Quand avez-vous appris le résultat des élections ?
Nous avons appris que Marine Le Pen et Emmanuel Macron étaient au second tour par un des policiers. Même si ce n’était pas une grande surprise, c’était une grosse déception. Les activistes françaises avec qui j’étais m’ont dit qu’il y avait une possibilité que Marine Le Pen soit présidente. Je sais que la population en temps de crise se fait aisément manipuler, et que pendant les élections les gens peuvent faire des erreurs à cause d’un manque d’éducation politique, par exemple. Le futur de la France est réellement menacé par cette candidate. Ça aurait aussi un impact sur toute l’Europe. Je veux rappeler ça aux électeurs. Marine le Pen ne représente pas les valeurs de la République. Les Français méritent mieux que d’être gouvernés par une personne anti-migrants, xénophobe, anti-féministe, qui veut juste détruire l’un des plus beaux, même si imparfait, projets politiques qu’est l’Union Européenne, qui représente des valeurs d’ouverture.
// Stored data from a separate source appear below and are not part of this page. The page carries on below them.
Lemma convex_comparison_right t : c <= t ->
  (forall s, c <= s <= t -> U s /\ 0 <= Derive_n F 2 s <= Derive_n f 2 s) ->
  Derive f c <= Derive F t <= Derive f t /\
  f c + Derive f c * (t - c) <= F t <= f t.
Proof.
  intros Hct Hs.
  assert (HdF : forall x, c <= x <= t -> is_derive F x (Derive F x))
    by (intros x Hx; apply (smooth_is_derive U); [|apply Hs]; auto).
  assert (Hdf : forall x, c <= x <= t -> is_derive f x (Derive f x))
    by (intros x Hx; apply (smooth_is_derive U); [|apply Hs]; auto).
  assert (HdF1 : forall x, c <= x <= t -> is_derive (Derive F) x (Derive_n F 2 x))
    by (intros x Hx; apply (smooth_is_derive2 U); [|apply Hs]; auto).
  assert (Hdf1 : forall x, c <= x <= t -> is_derive (Derive f) x (Derive_n f 2 x))
    by (intros x Hx; apply (smooth_is_derive2 U); [|apply Hs]; auto).
  assert (Hslopes : forall s, c <= s <= t -> Derive f c <= Derive F s <= Derive f s).
  { intros s Hs'.
    pose proof (le_of_derive_le (fun _ => 0) (fun _ => 0) (Derive F) (Derive_n F 2) c s
                  ltac:(lra) ltac:(intros; auto_derive; auto) ltac:(intros; apply HdF1; lra)
                  ltac:(intros x Hx; apply Hs; lra)).
    pose proof (le_of_derive_le (Derive F) (Derive_n F 2) (Derive f) (Derive_n f 2) c s
                  ltac:(lra) ltac:(intros; apply HdF1; lra) ltac:(intros; apply Hdf1; lra)
                  ltac:(intros x Hx; apply Hs; lra)).
    lra. }
  split; [now apply Hslopes|].
  pose proof (le_of_derive_le (fun x => Derive f c * x) (fun _ => Derive f c) F (Derive F) c t
                ltac:(lra) ltac:(intros; auto_derive; auto; ring) HdF
                ltac:(intros x Hx; apply Hslopes; lra)).
  pose proof (le_of_derive_le F (Derive F) f (Derive f) c t Hct HdF Hdf
                ltac:(intros x Hx; apply Hslopes; lra)).
  lra.
Qed.

Lemma convex_comparison_left t : t <= c ->
  (forall s, t <= s <= c -> U s /\ 0 <= Derive_n F 2 s <= Derive_n f 2 s) ->
  Derive f t <= Derive F t <= Derive f c /\
  f c + Derive f c * (t - c) <= F t <= f t.
Proof.
  intros Htc Hs.
  assert (HdF : forall x, t <= x <= c -> is_derive F x (Derive F x))
    by (intros x Hx; apply (smooth_is_derive U); [|apply Hs]; auto).
  assert (Hdf : forall x, t <= x <= c -> is_derive f x (Derive f x))
    by (intros x Hx; apply (smooth_is_derive U); [|apply Hs]; auto).
  assert (HdF1 : forall x, t <= x <= c -> is_derive (Derive F) x (Derive_n F 2 x))
    by (intros x Hx; apply (smooth_is_derive2 U); [|apply Hs]; auto).
  assert (Hdf1 : forall x, t <= x <= c -> is_derive (Derive f) x (Derive_n f 2 x))
    by (intros x Hx; apply (smooth_is_derive2 U); [|apply Hs]; auto).
  assert (Hslopes : forall s, t <= s <= c -> Derive f s <= Derive F s <= Derive f c).
  { intros s Hs'.
    pose proof (le_of_derive_le (fun _ => 0) (fun _ => 0) (Derive F) (Derive_n F 2) s c
                  ltac:(lra) ltac:(intros; auto_derive; auto) ltac:(intros; apply HdF1; lra)
                  ltac:(intros x Hx; apply Hs; lra)).
    pose proof (le_of_derive_le (Derive F) (Derive_n F 2) (Derive f) (Derive_n f 2) s c
                  ltac:(lra) ltac:(intros; apply HdF1; lra) ltac:(intros; apply Hdf1; lra)
                  ltac:(intros x Hx; apply Hs; lra)).
    lra. }
  split; [now apply Hslopes|].
  pose proof (le_of_derive_le F (Derive F) (fun x => Derive f c * x) (fun _ => Derive f c) t c
                Htc HdF ltac:(intros; auto_derive; auto; ring)
                ltac:(intros x Hx; apply Hslopes; lra)).
  pose proof (le_of_derive_le f (Derive f) F (Derive F) t c Htc Hdf HdF
                ltac:(intros x Hx; apply Hslopes; lra)).
  lra.
Qed.

End Comparison.

Lemma convex_above_tangent U f c t : smooth U f -> c <= t ->
  (forall s, c <= s <= t -> U s /\ 0 <= Derive_n f 2 s) ->
  Derive f c <= Derive f t /\ f c + Derive f c * (t - c) <= f t.
Proof.
  intros Hf Hct Hs.
  destruct (convex_comparison_right U f f c Hf Hf eq_refl eq_refl t Hct) as [Hd Hv];
    [intros s Hs'; split; [apply Hs | split; [apply Hs | lra]]; lra | split; lra].
Qed.

Lemma continuous_eps_delta h x : continuous h x -> forall eps, 0 < eps ->
  exists del, 0 < del /\ forall t, Rabs (t - x) < del -> Rabs (h t - h x) < eps.
Proof.
  intros Hc eps Heps; apply continuity_pt_filterlim in Hc.
  destruct (Hc eps Heps) as [del [Hdel H]]; exists del; split; [lra|].
  intros t Ht; destruct (Req_dec x t) as [<-|Hne].
  - rewrite Rminus_diag, Rabs_R0; lra.
  - apply H; repeat split; auto.
Qed.

Lemma positive_lower_bound (l : list R) : List.Forall (fun x => 0 < x) l ->
  exists del, 0 < del /\ List.Forall (fun x => del <= x) l.
Proof.
  induction l as [|x l IH]; intros Hl; [exists 1; split; [lra | constructor]|].
  apply Forall_cons_iff in Hl as [Hx Hl]; destruct (IH Hl) as [del [Hdel Hle]].
  exists (Rmin x del); split; [now apply Rmin_glb_lt|].
  constructor; [apply Rmin_l|].
  eapply Forall_impl; [|exact Hle]; intros y Hy; simpl in *.
  pose proof (Rmin_r x del); lra.
Qed.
Ne pensez-vous pas que vos actions, par leur radicalité, pourraient conforter les électeurs FN dans leur vote ?
Nos actions ne sont radicales que pour ceux qui pensent que des femmes qui s’expriment haut et fort sont radicales, qui estiment qu’une femme qui utilise son corps comme moyen d’activisme est radicale. Tout ce que nous faisons en vérité c’est d’apparaître seins nus avec un slogan écrit sur la poitrine dans des lieux publics. Le reste n’est que la réaction à nos actions. Et ce sont ces réactions qui peuvent être extrêmement violentes et radicales. Comme ce qui s’est passé avec le FN et Marine Le Pen, le 1er mai 2015 ou la semaine dernière au Zénith. Or, montrer cette violence c’est montrer le vrai visage du FN.
Par ailleurs, je ne crois pas que nous Femen puissions réellement changer le vote des électeurs FN par nos actions. Nous essayons seulement de contribuer au débat public, de dire des choses qui ne sont pas dites, ou de les dire plus fort car elles ne sont pas entendues. La plus grande menace en temps de crise politique c’est de garder le silence. Le silence est l’ennemi du développement, de l’ouverture, de la liberté. Une société muette est malade. Nous essayons de briser ce silence et je sais que nous avons raison car nous recevons toujours beaucoup de soutien et de messages de gens qui nous rappellent qu’il n’y a personne d’autres à dire et à faire ce que nous faisons. Hier j’ai encore reçu plein de messages sur Twitter et Facebook me remerciant de mener cette bataille.
Comptez-vous mener une action le 7 mai ?
Je peux juste vous dire que nous continuerons toujours nos actions. Aucune accusation, aucune arrestation, aucun procès ne pourra nous arrêter. Nous sommes convaincues que nous ne menons que des actions pacifiques destinées à exprimer notre message politique. Nous ne commettons aucun crime. Nous ne parlons que de la liberté et de l’émancipation des femmes ! Quand des activistes, des journalistes sont arrêtés sans raison comme dimanche dernier, ça renforce l’idée qu’il faut voter contre Marine Le Pen, je crois.